Segment Open
Lemma iint_ae_eq m (N : set (m.-tuple R)) (f g : m.-tuple R -> \bar R) :
  measurable N -> leb_tuple m N = 0 ->
  (forall x, 0 <= f x) -> (forall x, 0 <= g x) ->
  (forall x, ~ N x -> f x = g x) -> iint f = iint g.
Proof.
elim: m N f g => [|m IH] N f g mN N0 f0 g0 fg /=.
  apply: fg => N0'; move: N0; rewrite /= /dirac indicE mem_set//.
  by move/eqP; rewrite eqe oner_eq0.
have mN' : measurable (@cons_pair m @^-1` N).
  by rewrite -[X in measurable X]setTI; exact: measurable_cons_pair.
pose section_measure := leb_tuple m \o xsection (@cons_pair m @^-1` N).
have msection : measurable_fun setT section_measure.
  exact: measurable_fun_xsection.
(* The measure of the sections of N vanishes outside a Lebesgue null set M. *)
have /(ae_eq_integral_abs _ measurableT msection).1 [M [mM M0 MN]] :
    \int[@lebesgue_measure R]_t `|section_measure t| = 0.
  rewrite -N0; apply: eq_integral => t _.
  by rewrite gee0_abs//; exact: measure_ge0.
apply: (ae_eq_integral_nonmeas mM M0).
- by move=> t; apply: iint_ge0 => x; exact: f0.
- by move=> t; apply: iint_ge0 => x; exact: g0.
move=> t Mt; apply: (IH (xsection (@cons_pair m @^-1` N) t)) => //.
- exact: measurable_xsection.
- by apply: contrapT => sec_ne0; apply: Mt; apply: MN => /(_ I).
- by move=> x Nx; apply: fg => ?; apply: Nx; rewrite /xsection/= inE.
Qed.

End tuple_measure.

Section affine_change_of_variables.
Variable R : realType.
Local Open Scope ereal_scope.

Section lebesgue_measure_affine.
Variables (a r : R).
Hypothesis r0 : (0 < r)%R.

Let affine1 (u : measurableTypeR R) : measurableTypeR R := (a + r * u)%R.

Let measurable_affine1 : measurable_fun setT affine1.
Proof. by apply: measurable_funD => //; exact: measurable_funM. Qed.

Let affine1_measure := measure_function_pushforward__canonical__measure_function_Measure
  (@lebesgue_measure R) measurable_affine1.
From HB Require Import structures.
From mathcomp Require Import all_boot all_order all_algebra.
From mathcomp Require Import reals zify.
Set Implicit Arguments. Unset Strict Implicit. Unset Printing Implicit Defensive.
Import Order.TTheory GRing.Theory Num.Theory.
Local Open Scope ring_scope.

(** Let d be the top degree of P and p a member of minimal degree m > 0.
    If m < d, or if all degrees equal d and p can be taken with a leading
    coefficient different from that of p_1, subtract p (for any h): members of
    degree > m keep their degree and leading coefficient, p_1(t+h) - p keeps
    degree d, and a member of degree m either drops below m or gets leading
    coefficient c - lc(p) with c <> lc(p) an old leading coefficient.  Hence
    w_i is unchanged for i > m while w_m drops.  Otherwise all members have
    degree d and leading coefficient lc(p_1); subtracting p_1 kills degree d,
    while for h <> 0 the coefficient of t^(d-1) in p_1(t+h) - p_1 is
    d h lc(p_1) <> 0, and d - 1 > 0 because the type is not (1,1). *)

Section PolyDifference.
Variable R : nzRingType.
Implicit Types a b : {poly R}.

Lemma coefB_lead a b : size a = size b ->
  (a - b)`_(size a).-1 = lead_coef a - lead_coef b.
Proof. by move=> eq_size; rewrite coefB /lead_coef eq_size. Qed.
(** * Rooted trees as parent maps *)

Lemma eq_set2 (T : finType) (a b c d : T) :
  [set a; b] = [set c; d] -> (a = c /\ b = d) \/ (a = d /\ b = c).
Proof.
move=> e.
have /set2P ha : a \in [set c; d] by rewrite -e set21.
have /set2P hb : b \in [set c; d] by rewrite -e set22.
have /set2P hc : c \in [set a; b] by rewrite e set21.
have /set2P hd : d \in [set a; b] by rewrite e set22.
by case: ha hb hc hd => ? [] ? [] ? [] ?; subst; auto.
Qed.

Lemma adj_sym (T : finType) (E : {set {set T}}) : symmetric (adj E).
Proof. by move=> x y; rewrite /adj setUC. Qed.

Section ParentFunctions.
Variables (V : finType) (r : V).

Definition parent_funs := forest_fun [set~ r] [set r].

Definition edges_of (f : {ffun V -> V}) : {set {set V}} :=
  [set [set x; f x] | x in [set~ r]].

Section OneParentFunction.
Variable f : {ffun V -> V}.
Hypothesis f_parent : f \in parent_funs.

Lemma parent_root : f r = r.
Proof. by move/forest_funP: f_parent => /(_ r); rewrite !inE eqxx. Qed.

Lemma parent_reach x : fconnect f x r.
Proof.
have [-> | xr] := eqVneq x r; first exact: connect0.
by move/forest_funP: f_parent => /(_ x); rewrite !inE xr => -[_ [y /set1P ->]].
Qed.

Lemma iter_parent_root k : iter k f r = r.
Proof. exact/iter_fix/parent_root. Qed.

Lemma parent_neq x : x != r -> f x != x.
Proof.
move=> xr; apply: contra_neq xr => fx.
by have [k <-] := fconnect_iterP (parent_reach x); rewrite iter_fix.
Qed.

Lemma parent_parent_neq x : x != r -> f (f x) != x.
Proof.
move=> xr; apply/eqP => ffx.
have orbit2 k : iter k f x = x \/ iter k f x = f x.
  by elim: k => [|k [IH|IH]] /=; rewrite ?IH ?ffx; auto.
have [k] := fconnect_iterP (parent_reach x).
case: (orbit2 k) => -> e; first by rewrite e eqxx in xr.
by move: xr; rewrite -ffx e parent_root eqxx.
Qed.
Lemma entire_ex_pseries_Re c t : entire c -> ex_pseries (fun n => Re (c n)) t.
Proof. intros Hc; apply CV_radius_inside; rewrite entire_CV_radius_Re by exact Hc; easy. Qed.

Lemma entire_ex_pseries_Im c t : entire c -> ex_pseries (fun n => Im (c n)) t.
Proof. intros Hc; apply CV_radius_inside; rewrite entire_CV_radius_Im by exact Hc; easy. Qed.

Lemma entire_plus c d : entire c -> entire d -> entire (fun n => (c n + d n)%C).
Proof.
  intros Hc Hd r Hr; destruct (Hc r Hr) as [K1 H1], (Hd r Hr) as [K2 H2].
  exists (K1 + K2); intros n; eapply Rle_trans; [apply Cmod_triangle|].
  specialize (H1 n); specialize (H2 n); lra.
Qed.

Lemma entire_scal (l : C) c : entire c -> entire (fun n => (l * c n)%C).
Proof.
  intros Hc r Hr; destruct (Hc r Hr) as [K HK]; exists (Cmod l * K); intros n.
  rewrite Cmod_mult, Rmult_assoc; apply Rmult_le_compat_l; [apply Cmod_ge_0 | apply HK].
Qed.

Lemma entire_zero : entire (fun _ => 0%C).
Proof. intros r Hr; exists 0; intros n; rewrite Cmod_0; lra. Qed.

Lemma conv_on_nonneg_entire c : conv_on_nonneg c -> entire c.
Proof.
  intros Hc r Hr.
  assert (Hrn : forall n, 0 < r ^ n) by (intros; apply pow_lt, Hr).
  destruct (Cauchy_ex_series _ (Hc (/ r) ltac:(apply Rlt_le, Rinv_0_lt_compat, Hr))
              (mkposreal 1 Rlt_0_1)) as [N HN].
  destruct (bounded_of_eventually_bounded (fun n => Cmod (c n) / r ^ n) N 1) as [K HK].
  - intros n Hn; specialize (HN n n Hn Hn); rewrite sum_n_n in HN.
    change (Cmod (RtoC ((/ r) ^ n) * c n) < 1) in HN.
    rewrite Cmod_mult, Cmod_R, Rabs_pos_eq, pow_inv in HN
      by (apply pow_le, Rlt_le, Rinv_0_lt_compat, Hr).
    unfold Rdiv; rewrite Rmult_comm; lra.
  - exists K; intros n; specialize (HK n); simpl in HK.
    apply (Rmult_le_reg_r (/ r ^ n)); [apply Rinv_0_lt_compat, Hrn|].
    rewrite Rmult_assoc, Rinv_r, Rmult_1_r by (apply Rgt_not_eq, Hrn); exact HK.
Qed.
Segment Closed
Exact duplication is required for the lines above, from the line that contains "Variables (a r : R)." to the line that contains "w_i is unchanged", inclusive; omit all others.

- [FINISHED EXERCISE]
Variables (a r : R).
Hypothesis r0 : (0 < r)%R.

Let affine1 (u : measurableTypeR R) : measurableTypeR R := (a + r * u)%R.

Let measurable_affine1 : measurable_fun setT affine1.
Proof. by apply: measurable_funD => //; exact: measurable_funM. Qed.

Let affine1_measure := measure_function_pushforward__canonical__measure_function_Measure
  (@lebesgue_measure R) measurable_affine1.
From HB Require Import structures.
From mathcomp Require Import all_boot all_order all_algebra.
From mathcomp Require Import reals zify.
Set Implicit Arguments. Unset Strict Implicit. Unset Printing Implicit Defensive.
Import Order.TTheory GRing.Theory Num.Theory.
Local Open Scope ring_scope.

(** Let d be the top degree of P and p a member of minimal degree m > 0.
    If m < d, or if all degrees equal d and p can be taken with a leading
    coefficient different from that of p_1, subtract p (for any h): members of
    degree > m keep their degree and leading coefficient, p_1(t+h) - p keeps
    degree d, and a member of degree m either drops below m or gets leading
    coefficient c - lc(p) with c <> lc(p) an old leading coefficient.  Hence
    w_i is unchanged for i > m while w_m drops.  Otherwise all members have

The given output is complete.